# [EXERCISE MATERIALS]
<<<<

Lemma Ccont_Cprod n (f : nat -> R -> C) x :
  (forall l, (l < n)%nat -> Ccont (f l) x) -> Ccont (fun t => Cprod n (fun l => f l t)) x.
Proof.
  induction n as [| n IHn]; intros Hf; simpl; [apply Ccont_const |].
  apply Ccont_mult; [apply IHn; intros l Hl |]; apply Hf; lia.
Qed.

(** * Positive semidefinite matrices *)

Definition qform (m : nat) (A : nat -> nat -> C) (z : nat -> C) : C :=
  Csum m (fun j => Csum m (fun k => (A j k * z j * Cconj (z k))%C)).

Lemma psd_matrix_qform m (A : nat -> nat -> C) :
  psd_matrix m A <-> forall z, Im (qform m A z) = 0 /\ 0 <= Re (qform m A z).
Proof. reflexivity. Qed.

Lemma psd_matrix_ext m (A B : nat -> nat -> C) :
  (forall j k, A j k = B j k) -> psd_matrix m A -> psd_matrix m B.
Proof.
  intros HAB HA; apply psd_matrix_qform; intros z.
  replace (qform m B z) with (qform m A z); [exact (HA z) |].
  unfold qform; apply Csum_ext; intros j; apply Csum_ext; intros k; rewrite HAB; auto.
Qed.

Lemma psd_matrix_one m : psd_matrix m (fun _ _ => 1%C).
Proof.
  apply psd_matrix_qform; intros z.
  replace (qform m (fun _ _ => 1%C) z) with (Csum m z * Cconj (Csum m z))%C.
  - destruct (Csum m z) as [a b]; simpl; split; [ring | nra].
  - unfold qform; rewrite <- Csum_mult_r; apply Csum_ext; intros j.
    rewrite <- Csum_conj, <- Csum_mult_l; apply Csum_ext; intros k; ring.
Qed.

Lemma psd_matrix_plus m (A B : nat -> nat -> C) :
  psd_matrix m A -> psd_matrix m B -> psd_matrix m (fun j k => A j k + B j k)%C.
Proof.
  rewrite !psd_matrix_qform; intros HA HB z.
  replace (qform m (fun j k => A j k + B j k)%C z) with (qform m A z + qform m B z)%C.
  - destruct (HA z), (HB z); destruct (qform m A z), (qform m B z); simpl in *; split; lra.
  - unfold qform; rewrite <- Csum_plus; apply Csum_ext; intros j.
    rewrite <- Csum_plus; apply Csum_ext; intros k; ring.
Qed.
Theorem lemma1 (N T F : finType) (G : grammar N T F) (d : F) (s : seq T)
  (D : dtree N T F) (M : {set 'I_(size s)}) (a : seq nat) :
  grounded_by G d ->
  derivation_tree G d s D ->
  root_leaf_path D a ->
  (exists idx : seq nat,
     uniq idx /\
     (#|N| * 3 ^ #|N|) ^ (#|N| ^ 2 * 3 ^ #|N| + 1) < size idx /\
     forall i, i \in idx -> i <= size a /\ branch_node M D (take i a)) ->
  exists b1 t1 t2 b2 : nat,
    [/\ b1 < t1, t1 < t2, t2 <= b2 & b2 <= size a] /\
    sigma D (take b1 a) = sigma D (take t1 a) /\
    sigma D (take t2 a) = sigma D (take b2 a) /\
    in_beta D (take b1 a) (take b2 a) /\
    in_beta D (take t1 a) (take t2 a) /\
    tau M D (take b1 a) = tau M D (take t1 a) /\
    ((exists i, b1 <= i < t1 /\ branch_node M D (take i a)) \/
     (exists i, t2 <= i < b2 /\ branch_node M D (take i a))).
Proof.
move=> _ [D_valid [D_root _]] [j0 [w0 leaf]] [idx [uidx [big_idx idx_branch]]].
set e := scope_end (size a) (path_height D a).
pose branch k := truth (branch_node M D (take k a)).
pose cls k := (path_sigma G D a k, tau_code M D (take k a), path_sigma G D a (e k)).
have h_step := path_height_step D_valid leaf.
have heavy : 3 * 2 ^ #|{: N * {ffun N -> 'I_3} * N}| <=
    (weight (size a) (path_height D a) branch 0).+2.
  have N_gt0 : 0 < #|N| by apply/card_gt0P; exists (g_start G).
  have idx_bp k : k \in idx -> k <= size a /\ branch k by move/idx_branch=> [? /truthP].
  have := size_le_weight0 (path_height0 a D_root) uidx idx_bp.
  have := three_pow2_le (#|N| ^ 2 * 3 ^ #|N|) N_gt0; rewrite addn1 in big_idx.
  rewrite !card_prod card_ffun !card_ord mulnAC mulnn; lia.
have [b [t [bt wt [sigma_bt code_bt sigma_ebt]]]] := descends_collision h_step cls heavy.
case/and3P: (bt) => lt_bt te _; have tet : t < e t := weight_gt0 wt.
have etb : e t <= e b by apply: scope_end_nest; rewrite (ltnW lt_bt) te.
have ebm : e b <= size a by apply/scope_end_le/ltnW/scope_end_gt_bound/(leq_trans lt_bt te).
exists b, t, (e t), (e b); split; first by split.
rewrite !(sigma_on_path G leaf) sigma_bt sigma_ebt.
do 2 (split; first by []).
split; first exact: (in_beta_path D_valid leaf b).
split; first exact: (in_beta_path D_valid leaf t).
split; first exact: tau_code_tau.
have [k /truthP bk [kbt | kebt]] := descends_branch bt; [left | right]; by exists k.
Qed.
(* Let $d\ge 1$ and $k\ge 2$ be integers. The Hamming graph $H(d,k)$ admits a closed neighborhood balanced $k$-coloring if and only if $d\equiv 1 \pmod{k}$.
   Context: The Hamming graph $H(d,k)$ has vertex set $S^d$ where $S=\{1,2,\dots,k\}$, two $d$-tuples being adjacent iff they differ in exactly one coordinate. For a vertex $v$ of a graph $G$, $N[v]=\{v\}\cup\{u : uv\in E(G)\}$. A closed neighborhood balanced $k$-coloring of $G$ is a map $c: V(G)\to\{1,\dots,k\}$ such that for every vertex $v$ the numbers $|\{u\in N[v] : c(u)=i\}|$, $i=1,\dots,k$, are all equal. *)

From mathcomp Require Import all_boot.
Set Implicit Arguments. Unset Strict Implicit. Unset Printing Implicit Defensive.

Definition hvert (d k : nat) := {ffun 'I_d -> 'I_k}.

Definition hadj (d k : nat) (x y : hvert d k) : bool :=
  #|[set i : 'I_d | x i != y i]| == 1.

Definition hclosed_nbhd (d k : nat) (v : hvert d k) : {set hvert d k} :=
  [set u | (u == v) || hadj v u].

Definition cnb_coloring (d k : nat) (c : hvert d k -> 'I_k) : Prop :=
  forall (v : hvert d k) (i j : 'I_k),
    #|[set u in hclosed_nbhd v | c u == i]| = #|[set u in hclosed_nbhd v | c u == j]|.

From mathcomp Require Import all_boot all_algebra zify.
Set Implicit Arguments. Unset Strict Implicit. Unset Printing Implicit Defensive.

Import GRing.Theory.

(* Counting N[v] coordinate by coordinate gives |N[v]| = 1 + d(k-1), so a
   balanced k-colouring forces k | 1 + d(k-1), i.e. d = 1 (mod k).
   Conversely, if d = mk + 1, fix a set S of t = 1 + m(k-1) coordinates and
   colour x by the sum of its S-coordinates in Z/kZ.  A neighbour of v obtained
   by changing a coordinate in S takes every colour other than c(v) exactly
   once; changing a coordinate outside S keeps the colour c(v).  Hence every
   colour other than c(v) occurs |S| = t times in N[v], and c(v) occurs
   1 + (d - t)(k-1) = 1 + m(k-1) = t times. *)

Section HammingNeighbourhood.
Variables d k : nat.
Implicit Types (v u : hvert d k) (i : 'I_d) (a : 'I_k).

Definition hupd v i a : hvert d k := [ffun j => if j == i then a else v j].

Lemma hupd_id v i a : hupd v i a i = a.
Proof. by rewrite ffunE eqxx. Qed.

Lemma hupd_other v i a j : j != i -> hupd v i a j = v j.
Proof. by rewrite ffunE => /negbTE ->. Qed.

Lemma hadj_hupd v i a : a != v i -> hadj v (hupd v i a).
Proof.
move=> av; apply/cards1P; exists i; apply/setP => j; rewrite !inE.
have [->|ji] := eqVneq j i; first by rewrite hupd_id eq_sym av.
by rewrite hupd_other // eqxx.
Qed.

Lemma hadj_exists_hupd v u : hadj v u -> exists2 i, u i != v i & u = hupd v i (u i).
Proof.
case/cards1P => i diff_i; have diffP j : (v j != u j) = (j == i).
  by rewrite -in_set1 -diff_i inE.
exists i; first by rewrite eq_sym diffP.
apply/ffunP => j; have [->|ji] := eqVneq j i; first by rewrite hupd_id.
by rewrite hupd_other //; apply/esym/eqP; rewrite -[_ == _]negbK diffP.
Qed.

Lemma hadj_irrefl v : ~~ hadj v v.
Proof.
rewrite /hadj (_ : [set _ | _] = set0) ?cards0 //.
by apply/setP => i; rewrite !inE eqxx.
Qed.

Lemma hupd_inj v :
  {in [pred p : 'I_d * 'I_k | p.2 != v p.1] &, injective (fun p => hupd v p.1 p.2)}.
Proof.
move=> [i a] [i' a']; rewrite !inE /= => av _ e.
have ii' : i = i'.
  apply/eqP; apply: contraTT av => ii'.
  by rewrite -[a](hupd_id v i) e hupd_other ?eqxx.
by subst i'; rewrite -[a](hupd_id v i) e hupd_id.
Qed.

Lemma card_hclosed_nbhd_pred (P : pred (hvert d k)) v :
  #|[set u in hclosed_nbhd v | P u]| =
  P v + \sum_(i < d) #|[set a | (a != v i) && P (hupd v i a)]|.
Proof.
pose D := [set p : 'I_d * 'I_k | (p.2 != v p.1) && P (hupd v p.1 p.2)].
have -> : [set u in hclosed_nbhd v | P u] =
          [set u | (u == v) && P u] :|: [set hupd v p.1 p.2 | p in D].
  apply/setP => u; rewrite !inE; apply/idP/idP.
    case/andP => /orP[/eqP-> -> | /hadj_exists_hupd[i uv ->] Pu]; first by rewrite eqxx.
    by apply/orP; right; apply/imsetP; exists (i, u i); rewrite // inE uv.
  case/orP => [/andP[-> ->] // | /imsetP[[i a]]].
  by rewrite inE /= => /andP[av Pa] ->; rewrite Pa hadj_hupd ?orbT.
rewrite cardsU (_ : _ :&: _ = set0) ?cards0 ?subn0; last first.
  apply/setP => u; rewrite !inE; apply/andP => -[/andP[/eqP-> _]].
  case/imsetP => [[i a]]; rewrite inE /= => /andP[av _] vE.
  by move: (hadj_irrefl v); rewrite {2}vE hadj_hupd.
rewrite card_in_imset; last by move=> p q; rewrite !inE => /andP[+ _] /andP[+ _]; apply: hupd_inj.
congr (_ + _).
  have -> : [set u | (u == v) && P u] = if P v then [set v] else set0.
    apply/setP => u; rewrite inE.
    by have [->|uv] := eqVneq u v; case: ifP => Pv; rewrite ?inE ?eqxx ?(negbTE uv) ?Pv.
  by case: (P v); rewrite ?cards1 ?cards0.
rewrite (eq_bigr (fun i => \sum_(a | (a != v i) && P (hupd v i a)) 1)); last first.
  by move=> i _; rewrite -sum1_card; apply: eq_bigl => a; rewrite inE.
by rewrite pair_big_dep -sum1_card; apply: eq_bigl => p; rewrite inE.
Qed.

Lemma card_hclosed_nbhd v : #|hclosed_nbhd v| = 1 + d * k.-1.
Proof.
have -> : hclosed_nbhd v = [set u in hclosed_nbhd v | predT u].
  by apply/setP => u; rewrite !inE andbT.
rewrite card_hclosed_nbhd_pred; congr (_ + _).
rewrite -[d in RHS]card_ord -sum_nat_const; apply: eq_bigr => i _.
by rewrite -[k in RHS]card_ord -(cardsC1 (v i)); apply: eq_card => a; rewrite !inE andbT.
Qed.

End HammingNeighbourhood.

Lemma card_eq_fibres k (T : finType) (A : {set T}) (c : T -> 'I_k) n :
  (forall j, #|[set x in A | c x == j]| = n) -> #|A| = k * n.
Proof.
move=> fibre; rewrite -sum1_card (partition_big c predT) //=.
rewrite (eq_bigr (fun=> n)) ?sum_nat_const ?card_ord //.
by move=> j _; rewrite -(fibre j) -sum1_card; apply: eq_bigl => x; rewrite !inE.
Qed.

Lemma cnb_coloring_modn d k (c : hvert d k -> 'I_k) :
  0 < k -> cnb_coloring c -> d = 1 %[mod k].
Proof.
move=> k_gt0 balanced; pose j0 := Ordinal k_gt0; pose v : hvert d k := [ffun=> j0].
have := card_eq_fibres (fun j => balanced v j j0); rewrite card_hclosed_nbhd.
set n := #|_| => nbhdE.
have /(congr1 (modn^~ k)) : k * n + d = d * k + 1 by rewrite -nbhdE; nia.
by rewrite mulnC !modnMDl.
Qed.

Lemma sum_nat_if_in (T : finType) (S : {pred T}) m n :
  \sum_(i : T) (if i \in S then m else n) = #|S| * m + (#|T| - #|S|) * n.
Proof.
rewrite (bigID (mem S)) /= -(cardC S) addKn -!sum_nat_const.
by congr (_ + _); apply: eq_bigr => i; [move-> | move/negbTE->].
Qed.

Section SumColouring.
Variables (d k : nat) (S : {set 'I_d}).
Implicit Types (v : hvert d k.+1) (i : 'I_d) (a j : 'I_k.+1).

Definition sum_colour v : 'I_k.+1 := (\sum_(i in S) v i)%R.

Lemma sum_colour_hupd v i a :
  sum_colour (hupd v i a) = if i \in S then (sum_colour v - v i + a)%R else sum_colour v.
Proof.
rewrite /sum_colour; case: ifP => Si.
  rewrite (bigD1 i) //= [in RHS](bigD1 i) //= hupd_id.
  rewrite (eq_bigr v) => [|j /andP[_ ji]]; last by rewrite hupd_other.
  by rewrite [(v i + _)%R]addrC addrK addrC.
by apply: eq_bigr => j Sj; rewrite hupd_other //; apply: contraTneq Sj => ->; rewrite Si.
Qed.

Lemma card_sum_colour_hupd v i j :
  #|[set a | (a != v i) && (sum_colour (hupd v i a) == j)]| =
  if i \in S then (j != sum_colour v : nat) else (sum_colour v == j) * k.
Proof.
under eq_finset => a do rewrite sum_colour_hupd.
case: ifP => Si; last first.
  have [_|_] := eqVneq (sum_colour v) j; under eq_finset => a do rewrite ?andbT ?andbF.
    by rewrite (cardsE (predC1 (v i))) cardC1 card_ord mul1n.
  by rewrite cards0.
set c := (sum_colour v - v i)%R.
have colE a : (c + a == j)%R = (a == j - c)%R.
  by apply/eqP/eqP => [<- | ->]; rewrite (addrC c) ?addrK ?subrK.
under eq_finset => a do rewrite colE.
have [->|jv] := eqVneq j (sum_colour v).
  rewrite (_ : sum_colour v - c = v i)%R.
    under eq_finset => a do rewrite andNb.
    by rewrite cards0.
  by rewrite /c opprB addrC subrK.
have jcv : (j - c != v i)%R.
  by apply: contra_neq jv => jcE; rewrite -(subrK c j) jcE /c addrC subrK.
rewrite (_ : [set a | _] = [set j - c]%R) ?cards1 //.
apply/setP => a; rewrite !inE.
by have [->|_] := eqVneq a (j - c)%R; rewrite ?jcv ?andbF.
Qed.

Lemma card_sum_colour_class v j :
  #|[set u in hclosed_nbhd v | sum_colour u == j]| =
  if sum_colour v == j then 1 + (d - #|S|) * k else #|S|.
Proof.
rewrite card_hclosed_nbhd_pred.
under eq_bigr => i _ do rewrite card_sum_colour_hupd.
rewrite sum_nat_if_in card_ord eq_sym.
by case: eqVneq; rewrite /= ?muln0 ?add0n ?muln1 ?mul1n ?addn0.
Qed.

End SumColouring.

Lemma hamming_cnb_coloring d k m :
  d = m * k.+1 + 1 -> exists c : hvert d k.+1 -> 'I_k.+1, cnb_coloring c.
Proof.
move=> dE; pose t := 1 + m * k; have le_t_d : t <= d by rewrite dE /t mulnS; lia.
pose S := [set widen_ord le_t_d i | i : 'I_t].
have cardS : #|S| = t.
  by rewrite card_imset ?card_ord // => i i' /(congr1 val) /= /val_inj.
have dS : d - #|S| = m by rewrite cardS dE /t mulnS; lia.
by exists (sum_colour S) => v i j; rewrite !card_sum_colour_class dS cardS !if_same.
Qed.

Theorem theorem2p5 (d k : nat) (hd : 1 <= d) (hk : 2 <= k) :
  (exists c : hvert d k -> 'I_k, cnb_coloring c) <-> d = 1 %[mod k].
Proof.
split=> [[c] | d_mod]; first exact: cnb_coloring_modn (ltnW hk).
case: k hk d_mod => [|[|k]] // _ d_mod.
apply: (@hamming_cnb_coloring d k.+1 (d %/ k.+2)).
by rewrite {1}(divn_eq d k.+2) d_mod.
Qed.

>>>>

Show the lines of the listing above with "colE".

# [RESULT]
have colE a : (c + a == j)%R = (a == j - c)%R.
under eq_finset => a do rewrite colE.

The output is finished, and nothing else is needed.